PROBLEM DETAILS → Begin at the line below that has "(h = \sum_i h i e_i). *)" and stop after the line that has "a i q = a i)] /\". Please restate only those lines, word for word.
=== DATA SHOWN ===
(* Let $A$ be a finite-dimensional semisimple Hopf algebra over $k$, $G$ a finite group acting on $A$ by Hopf automorphisms, and $K=A\natural k^G$. For every finite-dimensional $K$-module $M$ and every positive integer $m$, $$\nu^K_m(M)=\sum_{x\in G,\ x^m=1}\nu^A_{m,x^{-1}}(M_x).$$
   Context: $k$ is algebraically closed of characteristic $0$. $k^G$ has basis $\{p_x\}_{x\in G}$ with $p_xp_y=\delta_{x,y}p_x$. The smash coproduct $K=A\natural k^G$ is $A\otimes k^G$ (elements written $a\natural p_x$) with tensor product algebra structure, comultiplication $\Delta(a\natural p_x)=\sum_{y\in G}(a_1\natural p_y)\otimes((y^{-1}\cdot a_2)\natural p_{y^{-1}x})$, counit $\varepsilon(a\natural p_x)=\delta_{1,x}\varepsilon(a)$, antipode $S(a\natural p_x)=(x^{-1}\cdot S(a))\natural p_{x^{-1}}$. Let $\Lambda_A$ be the normalized integral of $A$ ($\varepsilon(\Lambda_A)=1$); then $\Lambda_K=\Lambda_A\natural p_1$ is the normalized integral of $K$. For a $K$-module $M$, $M_x=p_x\cdot M$ (where $p_x$ means $1\natural p_x$), a $K$-submodule, $M=\bigoplus_x M_x$, and each $M_x$ is an $A$-module by restriction. Hopf powers: $h^{[m]}=\sum h_1\cdots h_m$ and, for a Hopf automorphism $\tau$, $h^{[m,\tau]}=\sum h_1(\tau\cdot h_2)\cdots(\tau^{m-1}\cdot h_m)$. Indicators: for a $K$-module $V$ with character $\chi_V$, $\nu^K_m(V)=\chi_V(\Lambda_K^{[m]})$; for an $A$-module $W$ with character $\chi_W$ and $x\in G$ whose order divides $m$, $\nu^A_{m,x}(W)=\chi_W(\Lambda_A^{[m,x]})$. *)

From HB Require Import structures.
From mathcomp Require Import all_boot all_order all_fingroup all_algebra.
Set Implicit Arguments. Unset Strict Implicit. Unset Printing Implicit Defensive.
Import GRing.Theory.
Local Open Scope ring_scope.

(* A finite-dimensional algebra-with-coalgebra over k, presented by a finite
   basis indexed by I and structure constants.  Elements are coordinate
   vectors  {ffun I -> k}  (h = \sum_i h i e_i). *)
Notation vec k I := {ffun I -> k}.
Definition vscale (k : fieldType) (I : finType) (c : k) (v : vec k I) : vec k I :=
  [ffun i => c * v i].
Notation "c *v v" := (vscale c v) (at level 40).

Record hopf (k : fieldType) (I : finType) := Hopf {
  mulc : I -> I -> vec k I;
  unitc : vec k I;
  comc : I -> I -> I -> k;         (* Delta e_l = \sum_{i,j} comc l i j e_i (x) e_j *)
  counitc : I -> k;
  antic : I -> vec k I
}.

Section HopfOps.
Variables (k : fieldType) (I : finType) (H : hopf k I).

Definition basis (i : I) : vec k I := [ffun j => (i == j)%:R].
Definition hmul (a b : vec k I) : vec k I :=
  \sum_i \sum_j (a i * b j) *v mulc H i j.
Definition hcomul (a : vec k I) (i j : I) : k := \sum_l a l * comc H l i j.
Definition hcounit (a : vec k I) : k := \sum_l a l * counitc H l.
Definition hanti (a : vec k I) : vec k I := \sum_l a l *v antic H l.

Definition is_hopf : Prop :=
  [/\ (forall a b c, hmul (hmul a b) c = hmul a (hmul b c)),
      (forall a, hmul (unitc H) a = a /\ hmul a (unitc H) = a),
      (forall a (x y z : I), \sum_i hcomul a i z * hcomul (basis i) x y
                           = \sum_j hcomul a x j * hcomul (basis j) y z)
    & (forall a (i j : I), \sum_p counitc H p * hcomul a p j = a j
                        /\ \sum_q counitc H q * hcomul a i q = a i)] /\
  [/\
      (forall a b (i j : I), hcomul (hmul a b) i j =
          \sum_p \sum_q \sum_r \sum_s
             hcomul a p q * hcomul b r s * (mulc H p r i * mulc H q s j))
        /\ (forall i j, hcomul (unitc H) i j = unitc H i * unitc H j),
      (forall a b, hcounit (hmul a b) = hcounit a * hcounit b)
        /\ hcounit (unitc H) = 1
    &
      (forall a, \sum_i \sum_j hcomul a i j *v hmul (hanti (basis i)) (basis j)
                   = hcounit a *v unitc H
              /\ \sum_i \sum_j hcomul a i j *v hmul (basis i) (hanti (basis j))
                   = hcounit a *v unitc H)].

(* semisimple: the left regular module is completely reducible,
   i.e. every left ideal has a complementary left ideal *)
Definition left_ideal (L : vec k I -> Prop) : Prop :=
  [/\ L 0, (forall u v, L u -> L v -> L (u + v)),
      (forall (c : k) u, L u -> L (c *v u)) & (forall a u, L u -> L (hmul a u))].

Definition semisimple : Prop :=
  forall L, left_ideal L -> exists C, [/\ left_ideal C,
     (forall v, L v -> C v -> v = 0) &
     (forall v, exists u w, [/\ L u, C w & v = u + w])].

Definition is_nint (L : vec k I) : Prop :=
  (forall h, hmul h L = hcounit h *v L) /\ hcounit L = 1.

(* iterated coproduct Delta^(m) = (id (x) Delta^(m-1)) Delta, as the
   coefficient of e_{s_0} (x) ... (x) e_{s_m} for s of length m+1 *)
Fixpoint cop (m : nat) (h : vec k I) (s : seq I) : k :=
  match m, s with
  | 0, [:: i] => h i
  | m'.+1, i :: t => \sum_j hcomul h i j * cop m' (basis j) t
  | _, _ => 0
  end.

(* Hopf power h^[m,tau] = \sum h_1 (tau h_2) ... (tau^(m-1) h_m) *)
Definition hpow (tau : vec k I -> vec k I) (m : nat) (h : vec k I) : vec k I :=
  \sum_(t : m.-tuple I)
     cop m.-1 h t *v foldr hmul (unitc H)
        [seq iter r.1 tau (basis r.2) | r <- zip (iota 0 m) t].

End HopfOps.

(* finite-dimensional modules: M = row vectors k^d, with  a . v := v *m rhov a *)
Record hmod (k : fieldType) (I : finType) := HMod {
  hdim : nat;
  hrho : I -> 'M[k]_hdim
}.

Section Modules.
Variables (k : fieldType) (I : finType) (H : hopf k I).

Definition rhov (M : hmod k I) (a : vec k I) : 'M[k]_(hdim M) :=
  \sum_i a i *: hrho M i.

Definition is_hmodule (M : hmod k I) : Prop :=
  (forall a b, rhov M (hmul H a b) = rhov M b *m rhov M a)   (* (ab).v = a.(b.v) *)
  /\ rhov M (unitc H) = 1%:M.

Definition hchar (M : hmod k I) (a : vec k I) : k := \tr (rhov M a).

Definition nu (L : vec k I) (tau : vec k I -> vec k I) (m : nat) (M : hmod k I) : k :=
  hchar M (hpow H tau m L).
End Modules.

Section Action.
Variables (k : fieldType) (I : finType) (A : hopf k I) (gT : finGroupType).
Variable act : gT -> I -> vec k I.

Definition actv (x : gT) (h : vec k I) : vec k I := \sum_l h l *v act x l.

Definition hopf_action : Prop :=
  [/\ (forall h, actv 1%g h = h),
      (forall x y h, actv (x * y)%g h = actv x (actv y h)),
      (forall x a b, actv x (hmul A a b) = hmul A (actv x a) (actv x b))
        /\ (forall x, actv x (unitc A) = unitc A),
      (forall x h (i j : I), hcomul A (actv x h) i j =
          \sum_p \sum_q hcomul A h p q * (act x p i * act x q j))
    & (forall x h, hcounit A (actv x h) = hcounit A h)
        /\ (forall x h, actv x (hanti A h) = hanti A (actv x h))].

(* smash coproduct K = A # k^G, basis e_i # p_x indexed by (i, x) *)
Definition smash : hopf k (I * gT)%type := Hopf
  (fun r s => if r.2 == s.2 then
        [ffun u : I * gT => mulc A r.1 s.1 u.1 * (u.2 == r.2)%:R] else 0)
  [ffun u : I * gT => unitc A u.1]
  (fun r s t => (t.2 == (s.2^-1 * r.2)%g)%:R *
        \sum_q comc A r.1 s.1 q * act (s.2^-1)%g q t.1)
  (fun r => (r.2 == 1%g)%:R * counitc A r.1)
  (fun r => [ffun u : I * gT =>
        (u.2 == (r.2^-1)%g)%:R * actv (r.2^-1)%g (antic A r.1) u.1]).

(* a # 1 and 1 # p_x *)
Definition incl (a : vec k I) : vec k (I * gT)%type := [ffun u => a u.1].
Definition pK (x : gT) : vec k (I * gT)%type :=
  [ffun u => (u.2 == x)%:R * unitc A u.1].

(* M_x = p_x . M, as an A-module by restriction along a |-> a # 1 *)
Definition Mx (M : hmod k (I * gT)%type) (x : gT) : hmod k I :=
  let B := row_base (rhov M (pK x)) in
  @HMod k I _ (fun i => B *m rhov M (incl (@basis k I i)) *m pinvmx B).
End Action.

(* Semisimplicity makes the normalized integral unique, which forces Lambda_K = Lambda_A # p_1.
   The Hopf power obeys h^[n+1,tau] = \sum h_1 tau(h_2^[n,tau]); in K the coproduct
   Delta(a # p_x) = \sum_y (a_1 # p_y) (x) (y^-1 . a_2 # p_(y^-1 x)) and the orthogonality of
   the p_y collapse this recursion to Lambda_K^[m] = \sum_(x^m = 1) Lambda_A^[m,x^-1] # p_x.
   Finally p_x is an idempotent commuting with a # 1, so chi_M(b # p_x) = chi_(M_x)(b). *)

From HB Require Import structures.
From mathcomp Require Import all_boot all_order all_fingroup all_algebra.
From mathcomp Require Import ring.
Set Implicit Arguments. Unset Strict Implicit. Unset Printing Implicit Defensive.
Import GRing.Theory.
Local Open Scope ring_scope.

Lemma sum_pairE (V : nmodType) (T1 T2 : finType) (F : T1 * T2 -> V) :
  \sum_p F p = \sum_i \sum_j F (i, j).
Proof. by rewrite pair_big; apply: eq_bigr => -[]. Qed.

Lemma exchange_big3 (V : nmodType) (T1 T2 T3 : finType) (F : T1 -> T2 -> T3 -> V) :
  \sum_i \sum_j \sum_l F i j l = \sum_l \sum_i \sum_j F i j l.
Proof. by under eq_bigr => i _ do rewrite exchange_big; rewrite exchange_big. Qed.

Lemma exchange_big4 (V : nmodType) (T1 T2 T3 T4 : finType)
    (F : T1 -> T2 -> T3 -> T4 -> V) :
  \sum_i \sum_j \sum_l \sum_r F i j l r = \sum_l \sum_r \sum_i \sum_j F i j l r.
Proof.
rewrite (exchange_big3 (fun i j l => \sum_r F i j l r)); apply: eq_bigr => l _.
exact: (exchange_big3 (fun i j r => F i j l r)).
Qed.

Lemma sum_tupleS (V : nmodType) (I : finType) n (F : n.+1.-tuple I -> V) :
  \sum_t F t = \sum_i \sum_(t : n.-tuple I) F [tuple of i :: t].
Proof.
rewrite pair_big /= (reindex (fun p : I * n.-tuple I => [tuple of p.1 :: p.2])) //=.
exists (fun t => (thead t, [tuple of behead t])) => [[i t] _ | t _].
  by rewrite theadE; congr pair; apply: val_inj.
by rewrite /= -tuple_eta.
Qed.

Lemma sum_tuple0 (V : nmodType) (I : finType) (F : 0.-tuple I -> V) :
  \sum_t F t = F [tuple].
Proof. by rewrite (big_pred1 [tuple]) // => t; apply/esym/eqP; rewrite [t]tuple0. Qed.

Section CoordinateVectors.
Variables (k : fieldType) (I : finType).
Implicit Types (a b : vec k I) (c d : k).

Lemma vsA c d a : c *v (d *v a) = (c * d) *v a.
Proof. by apply/ffunP => i; rewrite !ffunE mulrA. Qed.
Lemma vsDr c a b : c *v (a + b) = c *v a + c *v b.
Proof. by apply/ffunP => i; rewrite !ffunE mulrDr. Qed.
Lemma vsDl c d a : (c + d) *v a = c *v a + d *v a.
Proof. by apply/ffunP => i; rewrite !ffunE mulrDl. Qed.
Lemma vs0r c : c *v (0 : vec k I) = 0.
Proof. by apply/ffunP => i; rewrite !ffunE mulr0. Qed.
Lemma vs0l a : 0 *v a = 0.
Proof. by apply/ffunP => i; rewrite !ffunE mul0r. Qed.
Lemma vs1 a : 1 *v a = a.
Proof. by apply/ffunP => i; rewrite !ffunE mul1r. Qed.
Lemma vs_sumr (J : finType) (P : pred J) c (F : J -> vec k I) :
  c *v (\sum_(j | P j) F j) = \sum_(j | P j) c *v F j.
Proof. exact: (big_morph _ (vsDr c) (vs0r c)). Qed.
Lemma vs_suml (J : finType) (P : pred J) a (F : J -> k) :
  (\sum_(j | P j) F j) *v a = \sum_(j | P j) F j *v a.
Proof. exact: (big_morph (fun x : k => x *v a) (fun x y => vsDl x y a) (vs0l a)). Qed.

Lemma vec_basis_decomp a : a = \sum_i a i *v basis k i.
Proof.
apply/ffunP => i; rewrite sum_ffunE (bigD1 i) //= big1 => [|j ji].
  by rewrite !ffunE eqxx mulr1 addr0.
by rewrite !ffunE (negbTE ji) mulr0.
Qed.
End CoordinateVectors.
(* Let $\mathfrak C$ be a monster model of a complete theory $T$. Let $\pi_1(\bar x,\bar y),\dots,\pi_n(\bar x,\bar y)$ be partial types without parameters, with $\bar x,\bar y$ short tuples of variables of the same length and sorts, let $\bar a$ be a tuple from $\mathfrak C$ corresponding to $\bar x$ (and $\bar y$), and let $\epsilon_1,\dots,\epsilon_n\in\{-1,1\}$. (i) $A_{\pi_1,\bar a}^{\epsilon_1}\cdots A_{\pi_n,\bar a}^{\epsilon_n}=\bigcap\{A_{\varphi_1,\bar a}^{\epsilon_1}\cdots A_{\varphi_n,\bar a}^{\epsilon_n}:\varphi_i(\bar x,\bar y)\text{ formulas with }\pi_1\vdash\varphi_1,\dots,\pi_n\vdash\varphi_n\}$. (ii) If $A_{\pi_1,\bar a}^{\epsilon_1}\cdots A_{\pi_n,\bar a}^{\epsilon_n}$ is contained in a relatively definable subset $A$ of $\mathrm{Aut}(\mathfrak C)$, then there are formulas $\varphi_i(\bar x,\bar y)$ implied by $\pi_i(\bar x,\bar y)$, $i=1,\dots,n$, such that $A_{\varphi_1,\bar a}^{\epsilon_1}\cdots A_{\varphi_n,\bar a}^{\epsilon_n}\subseteq A$.
   Context: $\mathfrak C$ is $\kappa$-saturated and strongly $\kappa$-homogeneous ($\kappa$ large); short means of length $<\kappa$. For a partial type (or formula) $\pi(\bar x,\bar y)$ without parameters and a tuple $\bar a$ from $\mathfrak C$, $A_{\pi,\bar a}=\{\sigma\in\mathrm{Aut}(\mathfrak C):\mathfrak C\models\pi(\sigma(\bar a),\bar a)\}$. A relatively definable subset of $\mathrm{Aut}(\mathfrak C)$ is one of the form $\{\sigma\in\mathrm{Aut}(\mathfrak C):\mathfrak C\models\psi(\sigma(\bar d),\bar e)\}$ for a formula $\psi$ without parameters and tuples $\bar d,\bar e$ from $\mathfrak C$. $X^{1}=X$ and $X^{-1}=\{\sigma^{-1}:\sigma\in X\}$; products are taken in the group. *)

From Stdlib Require Import List.
Import ListNotations.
===
PROBLEM SOLUTION →
   vectors  {ffun I -> k}  (h = \sum_i h i e_i). *)
Notation vec k I := {ffun I -> k}.
Definition vscale (k : fieldType) (I : finType) (c : k) (v : vec k I) : vec k I :=
  [ffun i => c * v i].
Notation "c *v v" := (vscale c v) (at level 40).

Record hopf (k : fieldType) (I : finType) := Hopf {
  mulc : I -> I -> vec k I;
  unitc : vec k I;
  comc : I -> I -> I -> k;         (* Delta e_l = \sum_{i,j} comc l i j e_i (x) e_j *)
  counitc : I -> k;
  antic : I -> vec k I
}.

Section HopfOps.
Variables (k : fieldType) (I : finType) (H : hopf k I).

Definition basis (i : I) : vec k I := [ffun j => (i == j)%:R].
Definition hmul (a b : vec k I) : vec k I :=
  \sum_i \sum_j (a i * b j) *v mulc H i j.
Definition hcomul (a : vec k I) (i j : I) : k := \sum_l a l * comc H l i j.
Definition hcounit (a : vec k I) : k := \sum_l a l * counitc H l.
Definition hanti (a : vec k I) : vec k I := \sum_l a l *v antic H l.

Definition is_hopf : Prop :=
  [/\ (forall a b c, hmul (hmul a b) c = hmul a (hmul b c)),
      (forall a, hmul (unitc H) a = a /\ hmul a (unitc H) = a),
      (forall a (x y z : I), \sum_i hcomul a i z * hcomul (basis i) x y
                           = \sum_j hcomul a x j * hcomul (basis j) y z)
    & (forall a (i j : I), \sum_p counitc H p * hcomul a p j = a j
                        /\ \sum_q counitc H q * hcomul a i q = a i)] /\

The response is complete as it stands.